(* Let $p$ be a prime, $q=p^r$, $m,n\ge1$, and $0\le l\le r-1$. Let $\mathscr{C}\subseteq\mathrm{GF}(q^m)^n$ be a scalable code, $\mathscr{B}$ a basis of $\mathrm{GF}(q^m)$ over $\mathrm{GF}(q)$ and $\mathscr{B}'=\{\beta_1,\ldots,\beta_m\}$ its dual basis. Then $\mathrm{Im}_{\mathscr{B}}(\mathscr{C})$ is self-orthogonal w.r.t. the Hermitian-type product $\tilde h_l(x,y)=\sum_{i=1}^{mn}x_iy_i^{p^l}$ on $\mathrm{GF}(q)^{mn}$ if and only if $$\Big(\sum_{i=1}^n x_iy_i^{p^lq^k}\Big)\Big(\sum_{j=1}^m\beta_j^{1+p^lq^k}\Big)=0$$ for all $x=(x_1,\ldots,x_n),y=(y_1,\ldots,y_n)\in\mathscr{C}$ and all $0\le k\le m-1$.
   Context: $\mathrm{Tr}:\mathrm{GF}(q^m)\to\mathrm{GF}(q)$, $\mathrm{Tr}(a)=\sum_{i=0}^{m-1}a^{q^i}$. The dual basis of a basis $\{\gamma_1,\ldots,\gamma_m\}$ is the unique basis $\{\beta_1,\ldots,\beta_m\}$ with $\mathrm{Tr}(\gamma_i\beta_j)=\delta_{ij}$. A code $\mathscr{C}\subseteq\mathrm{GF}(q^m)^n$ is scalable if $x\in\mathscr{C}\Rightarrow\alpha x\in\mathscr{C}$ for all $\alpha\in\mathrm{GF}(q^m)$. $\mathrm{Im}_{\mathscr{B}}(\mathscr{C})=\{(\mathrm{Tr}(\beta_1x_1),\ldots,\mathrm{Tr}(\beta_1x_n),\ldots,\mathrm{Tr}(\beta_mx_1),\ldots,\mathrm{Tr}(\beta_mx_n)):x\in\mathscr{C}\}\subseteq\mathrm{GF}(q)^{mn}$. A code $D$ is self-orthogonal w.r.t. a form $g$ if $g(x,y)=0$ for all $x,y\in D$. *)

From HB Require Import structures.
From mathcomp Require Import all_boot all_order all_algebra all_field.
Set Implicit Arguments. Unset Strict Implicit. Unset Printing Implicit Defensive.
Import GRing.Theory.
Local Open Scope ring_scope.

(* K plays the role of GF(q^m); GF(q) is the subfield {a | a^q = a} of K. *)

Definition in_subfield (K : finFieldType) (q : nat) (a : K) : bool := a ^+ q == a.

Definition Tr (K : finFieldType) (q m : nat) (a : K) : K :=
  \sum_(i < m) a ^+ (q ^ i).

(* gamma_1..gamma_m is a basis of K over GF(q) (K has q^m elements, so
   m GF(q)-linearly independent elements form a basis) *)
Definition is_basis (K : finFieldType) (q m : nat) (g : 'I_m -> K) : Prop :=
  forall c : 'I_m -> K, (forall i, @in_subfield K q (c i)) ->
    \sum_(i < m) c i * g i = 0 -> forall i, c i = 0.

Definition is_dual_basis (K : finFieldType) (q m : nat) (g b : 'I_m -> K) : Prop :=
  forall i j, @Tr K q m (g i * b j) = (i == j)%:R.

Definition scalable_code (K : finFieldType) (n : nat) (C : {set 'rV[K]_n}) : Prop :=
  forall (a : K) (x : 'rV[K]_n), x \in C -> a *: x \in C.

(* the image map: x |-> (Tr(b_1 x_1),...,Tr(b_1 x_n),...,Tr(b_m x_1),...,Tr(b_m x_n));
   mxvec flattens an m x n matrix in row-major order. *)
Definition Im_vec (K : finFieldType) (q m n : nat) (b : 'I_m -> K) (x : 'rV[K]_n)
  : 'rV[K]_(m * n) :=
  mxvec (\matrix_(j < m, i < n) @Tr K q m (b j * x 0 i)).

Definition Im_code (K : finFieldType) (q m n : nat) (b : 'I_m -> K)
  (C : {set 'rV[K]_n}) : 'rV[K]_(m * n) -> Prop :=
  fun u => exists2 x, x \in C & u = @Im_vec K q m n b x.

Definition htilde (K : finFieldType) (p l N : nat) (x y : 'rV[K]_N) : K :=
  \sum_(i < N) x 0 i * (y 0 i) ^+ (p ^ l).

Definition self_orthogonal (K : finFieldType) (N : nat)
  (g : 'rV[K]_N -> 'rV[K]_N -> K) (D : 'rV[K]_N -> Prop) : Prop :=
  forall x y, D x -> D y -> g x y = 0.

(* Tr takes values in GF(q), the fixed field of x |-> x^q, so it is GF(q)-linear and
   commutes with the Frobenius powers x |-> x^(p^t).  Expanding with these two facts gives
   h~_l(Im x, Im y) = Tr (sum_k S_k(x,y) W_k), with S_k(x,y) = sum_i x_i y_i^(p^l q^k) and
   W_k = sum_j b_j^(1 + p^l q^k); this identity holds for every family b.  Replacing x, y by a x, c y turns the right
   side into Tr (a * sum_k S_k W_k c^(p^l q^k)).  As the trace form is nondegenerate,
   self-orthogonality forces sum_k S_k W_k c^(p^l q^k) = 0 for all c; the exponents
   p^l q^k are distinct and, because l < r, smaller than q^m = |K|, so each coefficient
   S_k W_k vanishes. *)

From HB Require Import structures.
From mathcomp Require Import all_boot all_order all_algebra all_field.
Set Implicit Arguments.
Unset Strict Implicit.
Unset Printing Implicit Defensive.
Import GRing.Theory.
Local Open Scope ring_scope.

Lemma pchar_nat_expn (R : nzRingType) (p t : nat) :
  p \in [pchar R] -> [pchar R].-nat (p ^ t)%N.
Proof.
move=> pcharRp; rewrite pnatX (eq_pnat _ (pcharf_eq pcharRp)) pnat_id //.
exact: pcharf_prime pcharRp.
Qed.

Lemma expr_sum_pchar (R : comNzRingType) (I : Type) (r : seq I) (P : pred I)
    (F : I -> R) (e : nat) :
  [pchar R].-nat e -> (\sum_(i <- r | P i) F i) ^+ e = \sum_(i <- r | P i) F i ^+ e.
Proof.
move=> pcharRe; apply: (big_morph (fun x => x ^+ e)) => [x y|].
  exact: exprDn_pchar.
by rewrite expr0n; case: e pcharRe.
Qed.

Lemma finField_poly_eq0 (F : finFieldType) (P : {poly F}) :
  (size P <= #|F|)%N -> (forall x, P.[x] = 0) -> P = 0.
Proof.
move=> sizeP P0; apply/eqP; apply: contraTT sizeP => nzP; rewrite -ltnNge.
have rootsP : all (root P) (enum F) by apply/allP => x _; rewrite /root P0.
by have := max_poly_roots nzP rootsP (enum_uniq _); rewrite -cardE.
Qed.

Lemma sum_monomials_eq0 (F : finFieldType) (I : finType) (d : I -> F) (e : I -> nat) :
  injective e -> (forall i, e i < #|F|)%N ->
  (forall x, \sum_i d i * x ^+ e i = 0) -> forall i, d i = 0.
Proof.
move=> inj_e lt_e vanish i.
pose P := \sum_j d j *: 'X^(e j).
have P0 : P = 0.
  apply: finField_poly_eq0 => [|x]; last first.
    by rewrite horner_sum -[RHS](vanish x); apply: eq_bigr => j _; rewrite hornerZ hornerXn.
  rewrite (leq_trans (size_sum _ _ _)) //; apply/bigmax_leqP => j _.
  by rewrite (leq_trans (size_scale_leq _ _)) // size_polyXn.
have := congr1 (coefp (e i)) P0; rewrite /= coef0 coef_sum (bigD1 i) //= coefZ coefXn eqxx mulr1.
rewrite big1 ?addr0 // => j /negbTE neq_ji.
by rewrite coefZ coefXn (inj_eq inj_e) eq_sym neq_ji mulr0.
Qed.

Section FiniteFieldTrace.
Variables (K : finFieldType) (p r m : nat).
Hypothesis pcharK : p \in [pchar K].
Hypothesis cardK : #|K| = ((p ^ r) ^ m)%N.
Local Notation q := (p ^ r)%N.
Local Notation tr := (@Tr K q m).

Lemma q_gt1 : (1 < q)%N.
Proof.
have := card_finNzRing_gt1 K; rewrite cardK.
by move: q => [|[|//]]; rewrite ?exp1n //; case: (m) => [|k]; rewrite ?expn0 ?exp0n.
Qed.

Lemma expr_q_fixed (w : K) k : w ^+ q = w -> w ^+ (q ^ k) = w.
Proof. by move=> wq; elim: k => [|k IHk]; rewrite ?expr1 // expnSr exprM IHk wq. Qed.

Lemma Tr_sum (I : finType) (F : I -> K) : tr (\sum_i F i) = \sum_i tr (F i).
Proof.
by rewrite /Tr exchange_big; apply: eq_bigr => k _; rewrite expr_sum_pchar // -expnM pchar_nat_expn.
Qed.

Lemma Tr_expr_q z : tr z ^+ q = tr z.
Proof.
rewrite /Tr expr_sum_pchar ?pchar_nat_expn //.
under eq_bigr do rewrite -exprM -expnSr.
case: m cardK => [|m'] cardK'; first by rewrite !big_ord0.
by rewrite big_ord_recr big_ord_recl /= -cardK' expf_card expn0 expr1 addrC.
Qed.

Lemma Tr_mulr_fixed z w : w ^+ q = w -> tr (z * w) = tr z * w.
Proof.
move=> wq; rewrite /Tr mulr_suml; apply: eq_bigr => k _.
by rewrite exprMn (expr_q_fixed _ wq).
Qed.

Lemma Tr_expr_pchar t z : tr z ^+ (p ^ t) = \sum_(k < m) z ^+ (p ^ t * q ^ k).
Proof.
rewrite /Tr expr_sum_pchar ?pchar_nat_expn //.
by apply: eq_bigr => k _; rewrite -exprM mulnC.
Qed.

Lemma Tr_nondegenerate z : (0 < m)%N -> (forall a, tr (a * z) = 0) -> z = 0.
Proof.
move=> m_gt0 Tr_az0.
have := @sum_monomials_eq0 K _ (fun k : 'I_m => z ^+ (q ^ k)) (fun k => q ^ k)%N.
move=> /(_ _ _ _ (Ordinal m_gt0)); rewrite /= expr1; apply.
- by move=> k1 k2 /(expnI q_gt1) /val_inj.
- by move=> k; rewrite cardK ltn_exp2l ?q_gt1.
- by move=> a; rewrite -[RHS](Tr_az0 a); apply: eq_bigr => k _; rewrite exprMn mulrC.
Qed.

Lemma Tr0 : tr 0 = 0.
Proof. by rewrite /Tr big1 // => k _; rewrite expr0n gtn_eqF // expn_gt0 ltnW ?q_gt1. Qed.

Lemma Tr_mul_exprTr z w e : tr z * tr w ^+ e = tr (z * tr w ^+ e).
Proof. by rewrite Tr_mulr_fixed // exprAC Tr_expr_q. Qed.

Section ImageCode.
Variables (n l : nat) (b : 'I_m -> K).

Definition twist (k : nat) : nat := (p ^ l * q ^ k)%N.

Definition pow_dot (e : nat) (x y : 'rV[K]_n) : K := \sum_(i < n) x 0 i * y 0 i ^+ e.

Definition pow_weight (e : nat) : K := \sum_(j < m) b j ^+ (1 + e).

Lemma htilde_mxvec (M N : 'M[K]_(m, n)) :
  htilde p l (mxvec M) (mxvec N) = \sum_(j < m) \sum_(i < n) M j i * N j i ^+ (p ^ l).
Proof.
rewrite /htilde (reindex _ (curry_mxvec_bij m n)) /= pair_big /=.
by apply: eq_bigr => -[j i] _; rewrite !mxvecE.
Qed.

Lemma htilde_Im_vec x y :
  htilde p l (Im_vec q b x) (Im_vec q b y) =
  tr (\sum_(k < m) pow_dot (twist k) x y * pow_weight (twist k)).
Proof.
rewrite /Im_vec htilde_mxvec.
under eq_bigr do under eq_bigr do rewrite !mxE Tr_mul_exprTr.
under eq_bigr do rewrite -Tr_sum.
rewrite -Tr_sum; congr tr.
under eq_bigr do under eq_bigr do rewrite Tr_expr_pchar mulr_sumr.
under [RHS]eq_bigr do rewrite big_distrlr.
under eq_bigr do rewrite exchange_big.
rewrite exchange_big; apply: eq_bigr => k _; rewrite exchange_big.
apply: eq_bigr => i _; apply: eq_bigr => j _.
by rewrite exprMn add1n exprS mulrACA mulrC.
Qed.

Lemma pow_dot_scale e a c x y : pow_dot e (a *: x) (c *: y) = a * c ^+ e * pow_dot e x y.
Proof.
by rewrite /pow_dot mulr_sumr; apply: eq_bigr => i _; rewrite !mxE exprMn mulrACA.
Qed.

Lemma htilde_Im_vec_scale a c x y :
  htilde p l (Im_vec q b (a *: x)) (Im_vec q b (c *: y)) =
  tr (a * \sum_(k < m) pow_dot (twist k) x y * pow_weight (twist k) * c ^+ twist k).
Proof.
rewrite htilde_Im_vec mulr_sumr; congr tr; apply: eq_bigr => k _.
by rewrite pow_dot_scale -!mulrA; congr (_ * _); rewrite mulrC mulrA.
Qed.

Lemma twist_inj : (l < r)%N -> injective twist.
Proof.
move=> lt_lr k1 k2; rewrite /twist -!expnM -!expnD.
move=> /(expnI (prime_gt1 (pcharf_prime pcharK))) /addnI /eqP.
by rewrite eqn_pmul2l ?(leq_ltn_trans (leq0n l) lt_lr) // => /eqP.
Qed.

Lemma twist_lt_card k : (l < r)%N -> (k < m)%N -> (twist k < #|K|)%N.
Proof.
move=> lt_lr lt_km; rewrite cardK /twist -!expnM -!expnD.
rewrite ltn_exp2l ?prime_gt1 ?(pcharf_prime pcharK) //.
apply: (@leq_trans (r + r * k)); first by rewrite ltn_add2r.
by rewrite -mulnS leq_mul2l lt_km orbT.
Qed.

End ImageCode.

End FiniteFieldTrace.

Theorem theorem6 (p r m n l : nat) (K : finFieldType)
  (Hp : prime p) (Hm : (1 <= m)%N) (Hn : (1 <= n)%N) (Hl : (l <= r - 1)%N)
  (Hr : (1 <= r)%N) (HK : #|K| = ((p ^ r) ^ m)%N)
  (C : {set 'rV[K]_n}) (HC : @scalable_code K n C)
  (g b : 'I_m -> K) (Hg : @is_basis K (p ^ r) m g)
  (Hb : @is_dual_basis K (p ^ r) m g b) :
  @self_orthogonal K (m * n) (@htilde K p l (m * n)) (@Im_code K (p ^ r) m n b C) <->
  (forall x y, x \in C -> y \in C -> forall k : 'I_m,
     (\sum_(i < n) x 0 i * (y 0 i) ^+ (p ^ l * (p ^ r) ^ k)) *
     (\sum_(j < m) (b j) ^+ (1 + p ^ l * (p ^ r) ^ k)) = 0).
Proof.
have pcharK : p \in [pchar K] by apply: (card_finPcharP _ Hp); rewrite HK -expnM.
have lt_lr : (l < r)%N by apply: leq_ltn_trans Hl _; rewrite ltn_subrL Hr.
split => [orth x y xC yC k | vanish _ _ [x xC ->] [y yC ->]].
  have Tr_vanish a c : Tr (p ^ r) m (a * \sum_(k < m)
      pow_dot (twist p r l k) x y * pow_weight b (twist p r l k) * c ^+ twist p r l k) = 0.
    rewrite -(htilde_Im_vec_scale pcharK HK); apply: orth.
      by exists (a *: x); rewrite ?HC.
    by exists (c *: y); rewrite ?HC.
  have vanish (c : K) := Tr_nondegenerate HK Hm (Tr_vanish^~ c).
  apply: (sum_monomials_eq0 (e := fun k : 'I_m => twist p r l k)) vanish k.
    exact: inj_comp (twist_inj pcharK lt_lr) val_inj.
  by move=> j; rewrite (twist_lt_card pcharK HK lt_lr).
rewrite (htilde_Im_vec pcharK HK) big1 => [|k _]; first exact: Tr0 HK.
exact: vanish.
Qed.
+++
Task statement:
List each line of the entries that holds the string "forall".

Output for this task:
  forall c : 'I_m -> K, (forall i, @in_subfield K q (c i)) ->
    \sum_(i < m) c i * g i = 0 -> forall i, c i = 0.
  forall i j, @Tr K q m (g i * b j) = (i == j)%:R.
  forall (a : K) (x : 'rV[K]_n), x \in C -> a *: x \in C.
  forall x y, D x -> D y -> g x y = 0.
  (size P <= #|F|)%N -> (forall x, P.[x] = 0) -> P = 0.
  injective e -> (forall i, e i < #|F|)%N ->
  (forall x, \sum_i d i * x ^+ e i = 0) -> forall i, d i = 0.
Lemma Tr_nondegenerate z : (0 < m)%N -> (forall a, tr (a * z) = 0) -> z = 0.
  (forall x y, x \in C -> y \in C -> forall k : 'I_m,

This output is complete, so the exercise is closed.